It used to rev out find last year but then i had issues this year reving to 4k cause of trigger errors and the ecu would show trigger errors so i put a new used short block in it and that fixed that issue. I can pist a data log if you guys want me to or i can send you my log through email so you can see for yourself


----------



## 98rzvr6 (Nov 12, 2005)

And no, i do not have a resistor for my crank signal wiring. It is a custom built harness by Kevin and as far as i know, he doesnt add one to them


----------



## 98rzvr6 (Nov 12, 2005)

Just tried flipping the trigger edge to falling from rising, same thing. No trigger errors light never came on


----------



## 98rzvr6 (Nov 12, 2005)

Alright guys so I decided to take my head off because i had a spare one. Took it off and saw this 




So i took the lifter off and saw this little piece, I have no idea what it is, does anybody know what it is??? 





Nothing looks damaged on the valve or the lifter itself, any ideas at all guys what this is? 

That piece was on cylinder 4 but there was nothing on cylinder 2 that i found out of the ordinary so why does that cylinder look the same as cylinder 4? Im just going by the top of the piston.


----------



## 98rzvr6 (Nov 12, 2005)

So upon further review, that little piece is from the lifter, if you look close enough at the pics, you can see it. Im just still curious about cylinder 2, any ideas there guys? Im just concerned cause it looks like the problem cylinder 4


----------



## 98rzvr6 (Nov 12, 2005)

I cant effin believe it but I ended up replacing all 6 lifter on the intake side just to be on the safe side, drove it around and its still doing the same effin thing, COMEEEE ONNNNNNN


----------



## vergessen wir es (May 12, 2010)

burning much oil? check/replace stem seals just now? losing coolant? new head gasket? 2 and 4 being so dirty and the rest so clean, is spark getting knocked out? w/m is off or on?


----------



## vr6swap (Aug 17, 2001)

98rzvr6 said:


> I cant effin believe it but I ended up replacing all 6 lifter on the intake side just to be on the safe side, drove it around and its still doing the same effin thing, COMEEEE ONNNNNNN


Did you ever do a leakdown? 

From looking at that lifter I'm wondering if you didn't tag a valve or two. Although it does seem like that would be more evident at idle than at one million RPM or whatever.


----------



## 98rzvr6 (Nov 12, 2005)

I had a machine shop check out the valves and they said they looked good, the head seems to look in great condition. I checked compression again and it looked really good


----------



## leebro61 (Nov 7, 2001)

vergessen wir es said:


> w/m is off or on?


This is a good point. Run your setup in the absolute SIMPLEST POSSIBLE configuration until you can rev out cleanly, then start adding features back one at a time.

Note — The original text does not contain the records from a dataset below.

Lemma ramp_right_bounds t : 0 <= t <= 1 ->
  0 <= ramp_right t /\ ramp_right t <= tau / 2 /\ tau / 2 * t <= ramp_right t.
Proof.
  intros Ht. unfold ramp_right. destruct Rle_dec; [|split; [lra|split]; nra].
  assert (E : t - t ^ 2 / (2 * tau) = t * (1 - t / (2 * tau))) by (field; lra).
  assert (t / (2 * tau) <= 1/2).
  { apply Rmult_le_reg_r with (2 * tau); [lra|].
    unfold Rdiv. rewrite Rmult_assoc, Rinv_l by lra. lra. }
  assert (tau/2 - (t - t ^ 2 / (2 * tau)) = (tau - t) ^ 2 / (2 * tau)) by (field; lra).
  assert (0 <= (tau - t) ^ 2 / (2 * tau)) by (apply Rdiv_le_0_compat; nra).
  rewrite E. split; [nra|split]; [lra|nra].
Qed.

Lemma ramp_right_mono s t : 0 <= s -> s <= t -> ramp_right s <= ramp_right t.
Proof.
  intros Hs Hst. unfold ramp_right.
  destruct (Rle_dec s tau); destruct (Rle_dec t tau); try lra.
  - assert (t - t ^ 2 / (2 * tau) - (s - s ^ 2 / (2 * tau)) = (t - s) * (1 - (t + s) / (2 * tau)))
      by (field; lra).
    assert ((t + s) / (2 * tau) <= 1).
    { apply Rmult_le_reg_r with (2 * tau); [lra|].
      unfold Rdiv. rewrite Rmult_assoc, Rinv_l by lra. lra. }
    nra.
  - assert (tau/2 - (s - s ^ 2 / (2 * tau)) = (tau - s) ^ 2 / (2 * tau)) by (field; lra).
    assert (0 <= (tau - s) ^ 2 / (2 * tau)) by (apply Rdiv_le_0_compat; nra). lra.
Qed.
Definition gammaL (mu : 'I_4) (c b : 'I_4) : C :=
  \sum_(nu < 4) eta mu nu * gamma_lo nu c b.

Definition beta4 (a b c d : 'I_4) : C :=
  2^-1 * \sum_(mu < 4) (gammaL mu a b)^* * gamma_lo mu c d.

Definition gcol (A B : 'I_3) : C := (A == B)%:R.
(* totally antisymmetric symbol with eps^{123} = 1 (indices 0,1,2 here) *)
Definition eps3 (A B D : 'I_3) : C :=
  (((A%:Z - B%:Z) * (B%:Z - D%:Z) * (D%:Z - A%:Z))%R)%:~R / 2.

Local Notation "x ** y" := (gmul x y) (at level 40, left associativity).

Definition Jc (a b : 'I_4) : Grass :=
  \sum_(A < 3) \sum_(B < 3) gcol A B *g (psib a A ** psi b B).

Definition X2 : Grass :=
  4 *g \sum_(a < 4) \sum_(b < 4) \sum_(c < 4) \sum_(d < 4) \sum_(e < 4) \sum_(f < 4)
    (beta4 b c e f * beta2 a d) *g
      (Jc a d ** Jc b e ** Jc c f + 2 *g (Jc a e ** Jc b f ** Jc c d)).

Definition psiU (A : 'I_3) (d : 'I_4) : Grass :=
  \sum_(B < 3) gcol A B *g psi d B.

Definition Vc (D : 'I_3) (a b : 'I_4) : Grass :=
  \sum_(A < 3) \sum_(B < 3) eps3 A B D *g (psi a A ** psi b B).

Definition rhs_lemma2 (A B : 'I_3) : Grass :=
  \sum_(mu < 4) \sum_(g < 4) \sum_(h < 4) \sum_(D < 3) \sum_(G < 3) \sum_(H < 3)
  \sum_(c < 4) \sum_(d < 4) \sum_(e < 4) \sum_(f < 4)
    ((gammaL mu g h)^* * (eps3 D G H)^* *
      (2 * beta2 c e * gamma_lo mu f d + beta2 c d * gamma_lo mu f e)) *g
    (psib h H ** psib g G ** psib c D ** psiU A d ** Vc B e f).

End Defs.

Notation "c *g x" := (gscale c x) (at level 40).

Notation Grass C := {ffun {set gen} -> C}.

Notation "x ** y" := (gmul x y) (at level 40, left associativity).

From Stdlib Require Import ZArith.
From mathcomp Require Import all_boot all_order all_algebra.
From mathcomp Require Import ring zify ssrZ.
Import GRing.Theory Num.Theory.
Local Open Scope ring_scope.
Set Implicit Arguments. Unset Strict Implicit. Unset Printing Implicit Defensive.

(* Both sides are explicit elements of the Grassmann algebra with Gaussian-integer
   coefficients, so the identity is a finite computation.  The product [gmul] is
   associative and its generators anticommute and square to zero; hence a product
   of generators is either 0 or +-1 times the monomial listing the same generators
   in decreasing order.  Both sides are reified as Gaussian-integer combinations of
   words in the 24 generators, and a normaliser proved sound for this algebra
   reduces their difference to zero by evaluation. *)

(** * The Grassmann algebra *)

Section GrassmannAlgebra.
Variable C : numClosedFieldType.
Local Notation Grass := (Grass C).
Implicit Types (x y z : Grass) (S T U : {set gen}).
Lemma valid_exL G D a :
  sequent_valid M (a :: map shift G) (map shift D) -> sequent_valid M (fex a :: G) D.
Proof.
  intros H rho HG; apply Forall_cons_iff in HG as [[n Ha] HG].
  apply (Exists_sat_shift _ _ n), H, Forall_cons; [exact Ha|].
  now apply Forall_sat_shift.
Qed.

Lemma valid_repl G D a s t :
  sequent_valid M G (inst a t :: D) -> sequent_valid M G (fneq s t :: inst a s :: D).
Proof.
  intros H rho HG; destruct (Nat.eq_dec (tval rho s) (tval rho t)) as [E | NE]; [|now left].
  right; specialize (H rho HG); apply Exists_cons in H as [Ha | HD]; [|now right].
  left; apply sat_inst; rewrite E; now apply sat_inst.
Qed.

Lemma valid_ind G D a t :
  sequent_valid M (a :: map shift G) (fsubst succ_sub a :: map shift D) ->
  sequent_valid M (inst a tzero :: G) (inst a t :: D).
Proof.
  intros H rho HG; apply Forall_cons_iff in HG as [H0 HG].
  destruct (classic (Exists (sat M rho) D)) as [HD | HD]; [now right|].
  left; apply sat_inst.
  assert (Hall : forall n, sat M (scons n rho) a).
  { induction n as [|n IH]; [exact (proj1 (sat_inst _ _ _ _) H0)|].
    specialize (H (scons n rho) (Forall_cons _ IH (proj2 (Forall_sat_shift _ _ _ _) HG))).
    apply Exists_cons in H as [Hsucc | HD'].
    - apply sat_subst in Hsucc; eapply sat_ext; [|exact Hsucc]; intros [|k]; reflexivity.
    - contradiction (HD (proj1 (Exists_sat_shift _ _ _ _) HD')). }
  apply Hall.
Qed.

Hypothesis HM : consistent M.

Lemma sat_not_both phi rho : ~ (sat M rho phi /\ sat M rho (neg phi)).
Proof.
  destruct HM as [HT HP]; revert rho.
  induction phi; simpl; intros rho [h1 h2];
  repeat match goal with
         | H : _ /\ _ |- _ => destruct H
         | H : _ \/ _ |- _ => destruct H
         | H : exists _, _ |- _ => destruct H
         end;
  solve [eauto | firstorder].
Qed.

Lemma valid_neg G D phi :
  sequent_valid M G (phi :: D) -> sequent_valid M (neg phi :: G) D.
Proof.
  intros H rho HG; apply Forall_cons_iff in HG as [Hneg HG].
  specialize (H rho HG); apply Exists_cons in H as [Hphi | HD]; [|exact HD].
  contradiction (sat_not_both phi rho (conj Hphi Hneg)).
Qed.

Lemma Der_sound G D : Der G D -> sequent_valid M G D.
Proof.
  induction 1;
    try solve [eauto using valid_cut, valid_neg, valid_allR, valid_exL, valid_repl, valid_ind];
    intros rho HG; try (apply Forall_cons_iff in HG as [Hhd HG]; simpl in Hhd);
    try solve [left; simpl; lia].
  - now left.
  - exact (incl_Exists H1 (IHDer rho (incl_Forall H0 HG))).
  - destruct Hhd; auto using Forall_cons.
  - specialize (IHDer1 rho HG); apply Exists_cons in IHDer1 as [Ha | HD]; [|now right].
    specialize (IHDer2 rho HG); apply Exists_cons in IHDer2 as [Hb | HD]; [|now right].
    now left.
  - destruct Hhd; auto using Forall_cons.
  - specialize (IHDer rho HG); apply Exists_cons in IHDer as [Ha | Hb]; [now left; left|].
    apply Exists_cons in Hb as [Hb | HD]; [now left; right | now right].
  - apply IHDer, Forall_cons; [apply sat_inst, Hhd | exact HG].
  - specialize (IHDer rho HG); apply Exists_cons in IHDer as [Ha | HD]; [|now right].
    left; apply sat_inst in Ha; eexists; exact Ha.
  - destruct (Nat.eq_dec (tval rho s) (tval rho t)); [right; left | left]; simpl; lia.
Qed.

Corollary Der_single_sound phi psi : Der [phi] [psi] -> satS M phi -> satS M psi.
Proof.
  intros H Hphi; specialize (Der_sound _ _ H rho0 (Forall_cons _ Hphi (Forall_nil _))).
  intro Hpsi; apply Exists_cons in Hpsi as [Hpsi | Hnil]; [exact Hpsi | inversion Hnil].
Qed.

End Soundness.

(** * Monotonicity of the stages *)

Definition component (f : model -> nat -> Prop) : Prop :=
  f = Tpos \/ f = Tneg \/ f = Ppos \/ f = Pneg.

Definition le_model (M N : model) : Prop :=
  forall f, component f -> forall n, f M n -> f N n.

Section Monotonicity.

Variables (M N : model).
Hypothesis HMN : le_model M N.

Let le_Tpos n : Tpos M n -> Tpos N n := HMN Tpos (or_introl eq_refl) n.
Let le_Tneg n : Tneg M n -> Tneg N n := HMN Tneg (or_intror (or_introl eq_refl)) n.
Let le_Ppos n : Ppos M n -> Ppos N n := HMN Ppos (or_intror (or_intror (or_introl eq_refl))) n.
Let le_Pneg n : Pneg M n -> Pneg N n := HMN Pneg (or_intror (or_intror (or_intror eq_refl))) n.

Lemma sat_mono rho phi : sat M rho phi -> sat N rho phi.
Proof.
  revert rho; induction phi; simpl; intros rho; auto.
  - intros [h1 h2]; auto.
  - intros [h | h]; auto.
  - intros [n h]; eauto.
Qed.

Lemma scrP_sat_mono B phi : scrP_sat B M phi -> scrP_sat B N phi.
Proof.
  unfold scrP_sat, satS.
  intros [H | [H | [H | [H | [H | [H | H]]]]]].
  - left; destruct H as [Hs [Hb | Hb]]; split; auto using sat_mono.
  - right; left; destruct H as [t [E [Hs Hp]]]; eauto.
  - do 2 right; left; destruct H as [t [E [Hs Hp]]]; eauto.
  - do 3 right; left; destruct H as [psi [th [E [Hs Hc]]]].
    exists psi, th; intuition auto.
  - do 4 right; left; destruct H as [psi [th [E [Hs Hc]]]].
    exists psi, th; intuition auto.
  - do 5 right; left; destruct H as [psi [E [Hs [[y Hy] Hall]]]].
    exists psi; repeat split; eauto; intro z; destruct (Hall z); auto.
  - do 6 right; destruct H as [psi [E [Hs [[y Hy] Hall]]]].
    exists psi; repeat split; eauto; intro z; destruct (Hall z); auto.
Qed.

Lemma Gamma_mono B : le_model (Gamma B M) (Gamma B N).
Proof.
  intros f [-> | [-> | [-> | ->]]] n; simpl; intros [phi [Hs [Hc Hphi]]];
    exists phi; unfold satS in *; auto using sat_mono, scrP_sat_mono.
Qed.

End Monotonicity.

Section Stages.

Variables (B : formula) (A : Type) (R : A -> A -> Prop) (wf : well_founded R).
Hypothesis HR : well_order R.

Lemma stage_unfold a : stage B R wf a = stage_step B R a (fun b _ => stage B R wf b).
Proof.
  apply (Fix_eq wf (fun _ => model) (stage_step B R)); intros x f g E.
  replace g with f; [reflexivity|].
  apply functional_extensionality_dep; intro y.
  apply functional_extensionality_dep; intro p.
  apply E.
Qed.

Lemma stage_component a f (Hf : component f) n :
  f (stage B R wf a) n <->
  (exists b (h : R b a), imm_pred R b a /\ f (Gamma B (stage B R wf b)) n) \/
  ((~ exists b, imm_pred R b a) /\ exists b (h : R b a), f (stage B R wf b) n).
Proof. rewrite stage_unfold; destruct Hf as [-> | [-> | [-> | ->]]]; reflexivity. Qed.

(* Both halves are proved together by well-founded induction: at a successor
   [a] the second half for the immediate predecessor is needed for the first. *)
Lemma stage_increasing a :
  (forall b, R b a -> le_model (stage B R wf b) (stage B R wf a)) /\
  le_model (stage B R wf a) (Gamma B (stage B R wf a)).
Proof.
  induction a as [a IH] using (well_founded_ind wf).
  assert (Hinc : forall b, R b a -> le_model (stage B R wf b) (stage B R wf a)).
  { intros b Hb f Hf n Hn; apply (stage_component a f Hf).
    destruct (classic (exists p, imm_pred R p a)) as [[p Hp] | Hlim].
    - left; exists p, (proj1 Hp); split; [exact Hp|].
      apply (proj2 (IH p (proj1 Hp))); [exact Hf|].
      destruct HR as [_ [_ Htot]]; destruct (Htot b p) as [Hbp | [<- | Hpb]].
      + exact (proj1 (IH p (proj1 Hp)) b Hbp f Hf n Hn).
      + exact Hn.
      + contradiction (proj2 Hp); eauto.
    - right; split; [exact Hlim|]; eauto. }
  split; [exact Hinc|].
  intros f Hf n Hn; apply (stage_component a f Hf) in Hn.
  destruct Hn as [[p [Hp [_ Hn]]] | [_ [b [Hb Hn]]]].
  - exact (Gamma_mono _ _ (Hinc p Hp) B f Hf n Hn).
  - apply (Gamma_mono _ _ (Hinc b Hb) B f Hf n), (proj2 (IH b Hb) f Hf n Hn).
Qed.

W/M OFF. Disable any kind of launch control/antilag or software based rev limiter. Switch back to waste spark if you are currently running sequential ignition or fuel. Basically, try to dumb the ecu down to only the basic features needed to run the car.


----------



## 98rzvr6 (Nov 12, 2005)

What is w/m? Water meth? I dont even run that. Fuel trim is disabled and so is launch control


----------



## leebro61 (Nov 7, 2001)

98rzvr6 said:


> What is w/m? Water meth? I dont even run that. Fuel trim is disabled and so is launch control


Yeah, water/meth. By fuel trim off you mean that you are running in open loop full time (no o2 sensor feedback), correct? Are you running sequential or waste spark?

Definitely post a screen shot of a datalog with the basics (Throttle position, map, afr, rpm, ignition timing, etc. etc.).


----------



## 98rzvr6 (Nov 12, 2005)

Here are some pics, i pretty much took the pics where it starts to break apart


----------



## 98rzvr6 (Nov 12, 2005)

Here is a video, NOW i DO REALIZE ITS ON THE RICHER SIDE, I tried upping the fuel pressure and I didnt adjust my tune but the car is acting the same way so I was just trying to see if it would help at all or hurt.


----------



## 98rzvr6 (Nov 12, 2005)

Hey guys, so i changed out my head with a spare head i had and its still the same damn thing 😡😡😡. Any other ideas guys??


----------



## VEE-DUBBER (Nov 22, 2000)

You still haven't checked to see if the compressor wheel is contacting the housing. I thought "no way" too. Felt exactly like misfiring.


----------



## 98rzvr6 (Nov 12, 2005)

It is not touching, ive had the housing off dozen of times now and everything is in good shape


----------